I suspect that there's some way to write:
cum.mdist <- function(df, cols) {...}
df %>%
group_by(label) %>%
arrange(date) %>%
mutate(mdist = xapply(., c(valx, valy, valz), cum.mdist)) %>%
ungroup()
in a similar way to calculating a rolling unary function like so:
cumsd <- function(x) sapply(seq_along(x), function(k, z) sd(z[1:k]), z = x)
I could calculate the distance from component parts if there were no covariance (rolling variance variance is simple to calculate using a function like the above one), but I think my variables do have covariance, and I'm not sure how to build a rolling covariance matrix...
Does a solution to this exist outside of for loops?
*code for a looped solution is below:
library("tidyverse")
df <- data.frame(label = c(rep("A", 5), rep("B", 5)),
date = rep(seq.Date(from = as.Date("2018-01-01"), by = "days", length.out = 5), 2),
valx = c(rnorm(5, mean = 0, sd = 1), rnorm(5, mean = 1.5, sd = 1)),
valy = c(rnorm(5, mean = 100, sd = 10), rnorm(5, mean = 115, sd = 10)),
valz = c(rnorm(5, mean = 0, sd = 10), rnorm(5, mean = 0, sd = 30)))
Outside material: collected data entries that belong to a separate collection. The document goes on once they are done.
Lemma hit_with_geometric_bound (L w : nat -> R) (B L0 N : R) (i1 k : nat) :
  1 <= B -> 0 <= L0 -> L i1 <= L0 ->
  (forall j, (i1 <= j)%nat -> w j < N -> L (S j) <= B * L j) ->
  (forall j, (i1 + k <= j)%nat -> N <= w j) ->
  exists j, (i1 <= j)%nat /\ N <= w j /\ L j <= B ^ k * L0.
Proof.
  intros HB HL0 Hstart Hstep Hhit.
  assert (Hind : forall m, (exists j, (i1 <= j)%nat /\ N <= w j /\ L j <= B ^ m * L0)
                           \/ L (i1 + m)%nat <= B ^ m * L0).
  { induction m as [|m [[j [Hj [Hwj HLj]]] | HL]].
    - right. rewrite Nat.add_0_r. simpl. lra.
    - left. exists j. repeat split; [exact Hj|exact Hwj|].
      assert (0 <= B ^ m * L0) by (apply Rmult_le_pos; [apply pow_le; lra|lra]).
      simpl. nra.
    - assert (0 <= B ^ m * L0) by (apply Rmult_le_pos; [apply pow_le; lra|lra]).
      destruct (Rlt_le_dec (w (i1 + m)%nat) N) as [Hlt | Hge].
      + right. rewrite Nat.add_succ_r. simpl.
        apply Rle_trans with (B * L (i1 + m)%nat); [apply Hstep; [lia|exact Hlt]|].
        rewrite Rmult_assoc. apply Rmult_le_compat_l; lra.
      + left. exists (i1 + m)%nat. repeat split; [lia|exact Hge|]. simpl. nra. }
  destruct (Hind k) as [H | H]; [exact H|].
  exists (i1 + k)%nat. repeat split; [lia|apply Hhit; lia|exact H].
Qed.

Lemma pow_mul_le_succ_pow (B L0 x : R) (k : nat) :
  0 <= B <= (x + 1) ^ 2 -> 0 <= L0 <= x + 1 -> B ^ k * L0 <= (x + 1) ^ (2 * k + 1).
Proof.
  intros HB HL0. rewrite pow_add, pow_mult, pow_1.
  apply Rmult_le_compat; [apply pow_le; lra|lra|apply pow_incr; lra|lra].
Qed.

Fixpoint prefix_max (f : nat -> nat) (n : nat) : nat :=
  match n with
  | O => f O
  | S m => Nat.max (prefix_max f m) (f (S m))
  end.

Lemma le_prefix_max f n : (f n <= prefix_max f n)%nat.
Proof. destruct n; simpl; lia. Qed.

Lemma monotone_threshold (P : nat -> nat -> Prop) :
  (forall n, exists k, P n k) ->
  (forall n k k', (k <= k')%nat -> P n k -> P n k') ->
  exists K : nat -> nat, (forall n, (K n <= K (S n))%nat) /\ (forall n, P n (K n)).
Proof.
  intros Hex Hup. destruct (choice P Hex) as [f Hf].
  exists (prefix_max f). split.
  - intro n. simpl. lia.
  - intro n. apply Hup with (f n); [apply le_prefix_max|apply Hf].
Qed.

Definition floor_step (G : nat -> R) (x : R) : R := G (Z.to_nat (Zfloor x)).

Lemma InPhi_floor_step (G : nat -> R) :
  Un_growing G -> (forall n, 2 <= G n) -> (forall n, INR n <= G n) ->
  InPhi (floor_step G).
Proof.
  intros Hmono H2 Hid. unfold floor_step. split; [|split].
  - intros x _. apply H2.
  - intros x y _ Hxy. apply Rge_le, growing_prop; [exact Hmono|].
    apply Zfloor_le in Hxy. lia.
  - intros M. exists (Rmax 2 (M + 1)). split; [apply Rmax_l|].
    intros x Hx. pose proof (Rmax_l 2 (M + 1)). pose proof (Rmax_r 2 (M + 1)).
    pose proof (Zfloor_bound x) as [_ Hfl].
    eapply Rle_trans; [|apply Hid].
    rewrite INR_IZR_INZ, Z2Nat.id; [lra|].
    apply Zfloor_lub. simpl. lra.
Qed.

Lemma floor_step_at_ge (G : nat -> R) (N : nat) : Un_growing G ->
  G N <= phi_at (floor_step G) N.
Proof.
  intros Hmono. unfold phi_at, floor_step. apply Rge_le, growing_prop; [exact Hmono|].
  assert (Hfl : (Z.of_nat N <= Zfloor (Rmax (INR N) 2))%Z).
  { apply Zfloor_lub. rewrite <- INR_IZR_INZ. apply Rmax_l. }
  lia.
Qed.

Lemma L_s_Lambda_sub_L_ss_Lambda (Lam : R -> R) z : L_s_Lambda Lam z -> L_ss_Lambda Lam z.
Proof.
  intros [[HL Htend] Hlam]. split; [exact HL|].
  exists (fun i => i). split; [|exact Hlam].
  split; [intro i; lia|split; [exact Htend|]].
  exists 1, 0%nat. intros i _. lra.
Qed.

Section Construction.

Variable Lam : R -> R.
Hypothesis Lam_ge1 : forall x, 1 <= x -> 1 <= Lam x.
Variable K : nat -> nat.
Hypothesis K_mono : forall n, (K n <= K (S n))%nat.
Hypothesis K_spec : forall n x, INR (K n) <= x -> INR n <= Lam x.

(* [K N] bounds the index at which [Lam] reaches [N], so [ln t] of the first
   good convergent is at most [(N+1)^(2 K N + 1)]. *)
Definition height_bound (n : nat) : R := exp ((INR n + 1) ^ (2 * K n + 1)) + 2.

Lemma height_bound_growing : Un_growing height_bound.
Proof.
  intro n. unfold height_bound. rewrite S_INR. pose proof (pos_INR n).
  apply Rplus_le_compat_r, exp_le.
  apply Rle_trans with ((INR n + 1) ^ (2 * K (S n) + 1)).
  - apply Rle_pow; [lra|]. specialize (K_mono n). lia.
  - apply pow_incr; lra.
Qed.

Lemma InPhi_height_bound : InPhi (floor_step height_bound).
Proof.
  apply InPhi_floor_step; [exact height_bound_growing| |];
    intro n; unfold height_bound; pose proof (pos_INR n).
  - pose proof (exp_pos ((INR n + 1) ^ (2 * K n + 1))). lra.
  - assert (INR n + 1 <= (INR n + 1) ^ (2 * K n + 1)).
    { rewrite <- (pow_1 (INR n + 1)) at 1. apply Rle_pow; [lra|lia]. }
    pose proof (exp_ineq1_le ((INR n + 1) ^ (2 * K n + 1))). lra.
Qed.

Lemma good_q_of_convergent z n (N : nat) : irrational z -> (1 <= N)%nat ->
  INR N <= cf_omega z n -> ln (IZR (cf_t z n)) <= (INR N + 1) ^ (2 * K N + 1) ->
  good_q (floor_step height_bound) z N.
Proof.
  intros Hirr HN Hw Hln. assert (HN1 : 1 <= INR N) by (apply (le_INR 1); exact HN).
  pose proof (cf_t_ge2_of_omega_pos z Hirr n ltac:(lra)) as Ht.
  exists (cf_t z n). split; [exact Ht|split].
  - eapply Rle_trans; [|apply floor_step_at_ge, height_bound_growing].
    unfold height_bound. rewrite <- (exp_ln (IZR (cf_t z n))) by (apply IZR_lt; lia).
    pose proof (exp_le _ _ Hln). lra.
  - eapply Rle_trans; [apply dist_int_le_Rabs|].
    exact (cf_err_le_of_omega z Hirr n N HN Hw).
Qed.

Lemma omega_ge_of_threshold z (v : nat -> nat) (N j : nat) :
  (forall i, (1 <= i)%nat -> Lam (INR i) <= cf_omega z (v i)) ->
  (1 <= j)%nat -> (K N <= j)%nat -> INR N <= cf_omega z (v j).
Proof.
  intros Hlam Hj HKj. eapply Rle_trans; [|apply Hlam, Hj].
  apply K_spec, le_INR, HKj.
Qed.

Lemma omega_pos z (v : nat -> nat) j :
  (forall i, (1 <= i)%nat -> Lam (INR i) <= cf_omega z (v i)) ->
  (1 <= j)%nat -> 0 < cf_omega z (v j).
Proof.
  intros Hlam Hj. pose proof (Lam_ge1 (INR j) ltac:(apply (le_INR 1); exact Hj)).
  pose proof (Hlam j Hj). lra.
Qed.

(* Either [t_1 >= 2^(N+1)] and [q = 2] works, or [ln t_1 <= N + 1] starts the growth. *)
Lemma L_s_Lambda_sub_L_phi z :
  L_s_Lambda Lam z -> L_phi (floor_step height_bound) z.
Proof.
  intros [[HL _] Hlam]. pose proof (proj1 HL) as Hirr.
  split; [exact HL|]. intros N HN.
  assert (HN1 : 1 <= INR N) by (apply (le_INR 1); exact HN).
  destruct (Rle_lt_dec (2 ^ S N) (IZR (cf_t z 1))) as [Hbig | Hsmall].
  - exists 2%Z. split; [lia|split].
    + eapply Rle_trans; [|apply floor_step_at_ge, height_bound_growing].
      unfold height_bound. pose proof (exp_pos ((INR N + 1) ^ (2 * K N + 1))). lra.
    + exact (dist_int_two_mul_le z Hirr N Hbig).
  - assert (Hln1 : ln (IZR (cf_t z 1)) <= INR N + 1).
    { apply Rle_trans with (ln (2 ^ S N)).
      - apply ln_le; [|lra]. apply Rlt_le_trans with 1; [lra|apply (cf_err_bounds z Hirr 0)].
      - rewrite ln_pow, S_INR by lra.
        assert (ln 2 <= 1) by (rewrite <- (ln_exp 1); apply ln_le; [lra|];
                               pose proof (exp_ineq1_le 1); lra).
        assert (0 <= ln 2) by (rewrite <- ln_1; apply ln_le; lra). nra. }
    assert (Hstep : forall j, (1 <= j)%nat -> cf_omega z j < INR N ->
              ln (IZR (cf_t z (S j))) <= INR N * ln (IZR (cf_t z j))).
    { intros j Hj Hwj.
      pose proof (ln_cf_t_succ_le z Hirr j (omega_pos z (fun i => i) j Hlam Hj)).
      pose proof (ln_cf_t_ge0 z Hirr j). nra. }
    assert (Hhit : forall j, (1 + K N <= j)%nat -> INR N <= cf_omega z j)
      by (intros j Hj; apply (omega_ge_of_threshold z (fun i => i)); [exact Hlam|lia|lia]).
    destruct (hit_with_geometric_bound (fun j => ln (IZR (cf_t z j))) (cf_omega z)
               (INR N) (INR N + 1) (INR N) 1 (K N) HN1 ltac:(lra) Hln1 Hstep Hhit)
      as [k [_ [Hwk HLk]]].
    apply (good_q_of_convergent z k N Hirr HN Hwk).
    eapply Rle_trans; [exact HLk|]. apply pow_mul_le_succ_pow; nra.
Qed.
mdist.list <- vector(length = nrow(df), mode = "list")
counter <- 1
for(l in seq_along(unique(df$label))){
label_data <- df %>%
filter(label == unique(df$label)[l])
for(d in seq_along(unique(label_data$date))){
label_date_data <- label_data %>%
filter(date <= unique(label_data$date)[d])
if(nrow(label_date_data) > 3){
label_date_data$mdist <- mahalanobis(label_date_data %>% select(contains("val")),
colMeans(label_date_data %>% select(contains("val"))),
cov(label_date_data %>% select(contains("val"))))
} else{
label_date_data$mdist <- NA
}
mdist.list[[counter]] <- filter(label_date_data,
date == unique(label_data$date)[d])
counter <- counter + 1
}
}
mdist.df <- do.call(rbind, mdist.list)